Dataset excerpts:
··········
Lemma cont_lincomb N (S : Pt N -> Prop) (f g : Pt N -> R) a b c x :
  cont_within S f x -> cont_within S g x ->
  cont_within S (fun y => a * f y + b * g y + c) x.
Proof.
move=> hf hg eps e0.
have ha := Rabs_pos a; have hb := Rabs_pos b.
set e' := eps / (Rabs a + Rabs b + 1).
have e'0 : 0 < e' by apply: Rdiv_lt_0_compat; lra.
have [d1 [d10 H1]] := hf e' e'0.
have [d2 [d20 H2]] := hg e' e'0.
exists (Rmin d1 d2); split; first exact: Rmin_pos.
move=> y Sy hy.
have h1 := H1 y Sy (Rlt_le_trans _ _ _ hy (Rmin_l _ _)).
have h2 := H2 y Sy (Rlt_le_trans _ _ _ hy (Rmin_r _ _)).
rewrite (_ : a * f y + b * g y + c - (a * f x + b * g x + c) =
             a * (f y - f x) + b * (g y - g x)); last ring.
apply: (Rle_lt_trans _ _ _ (Rabs_triang _ _)); rewrite !Rabs_mult.
have : Rabs a * Rabs (f y - f x) <= Rabs a * e' by apply: Rmult_le_compat_l; lra.
have : Rabs b * Rabs (g y - g x) <= Rabs b * e' by apply: Rmult_le_compat_l; lra.
have : eps = e' * (Rabs a + Rabs b + 1) by rewrite /e'; field; lra.
nra.
Qed.

Lemma laplacian_lincomb N (Om : Pt N -> Prop) (f g : Pt N -> R) x L1 L2 a b c :
  laplacian_at Om f x L1 -> laplacian_at Om g x L2 ->
  laplacian_at Om (fun y => a * f y + b * g y + c) x (a * L1 + b * L2).
Proof.
move=> [g1 [l1 [A1 [B1 ->]]]] [g2 [l2 [A2 [B2 ->]]]].
exists (fun i y => a * g1 i y + b * g2 i y), (fun i => a * l1 i + b * l2 i).
split; [|split]; last by rewrite sum_lincomb.
- move=> i y Oy; rewrite /partial -(Rplus_0_r (_ + _)).
  apply: derivable_pt_lim_plus; last exact: derivable_pt_lim_const.
  by apply: derivable_pt_lim_plus; apply: derivable_pt_lim_scal; [exact: A1 | exact: A2].
- move=> i; exact: (derivable_pt_lim_plus _ _ _ _ _
    (derivable_pt_lim_scal _ a _ _ (B1 i)) (derivable_pt_lim_scal _ b _ _ (B2 i))).
Qed.

Lemma regular_lincomb N (Om : Pt N -> Prop) (f g Lf Lg : Pt N -> R) a b c :
  regular Om f Lf -> regular Om g Lg ->
  regular Om (fun y => a * f y + b * g y + c) (fun y => a * Lf y + b * Lg y).
Proof.
move=> [cf lf] [cg lg]; split=> x hx.
- exact: cont_lincomb (cf x hx) (cg x hx).
- exact: laplacian_lincomb (lf x hx) (lg x hx).
Qed.

Lemma comparison N (Om : Pt N -> Prop) (f g Lf Lg : Pt N -> R) a b c :
  smooth_bounded_domain Om -> regular Om f Lf -> regular Om g Lg ->
  (forall x, boundary Om x -> f x = 0 /\ g x = 0) -> c <= 0 ->
  (forall x, Om x -> 0 < a * f x + b * g x + c -> 0 < a * Lf x + b * Lg x) ->
  forall x, Om x -> a * f x + b * g x + c <= 0.
Proof.
move=> hOm rf rg hbd hc hpos.
apply: (max_principle hOm (regular_lincomb a b c rf rg)) => // x /hbd [-> ->]; lra.
Qed.

Lemma smooth_cont N (Om : Pt N -> Prop) u :
  smooth_upto Om u -> forall x, closure Om x -> cont_within (closure Om) u x.
Proof.
move=> [D [hD0 [_ hD2]]] x cx eps e0.
have [d [d0 hd]] := hD2 nil x cx eps e0.
by exists d; split => // y cy hy; rewrite -(hD0 y cy) -(hD0 x cx); exact: hd.
Qed.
··········
PROBLEM REQUIREMENTS: The answer must be a single number: how many lines in the data contain the string "Lemma"?

ANSWER TO THIS EXERCISE: 5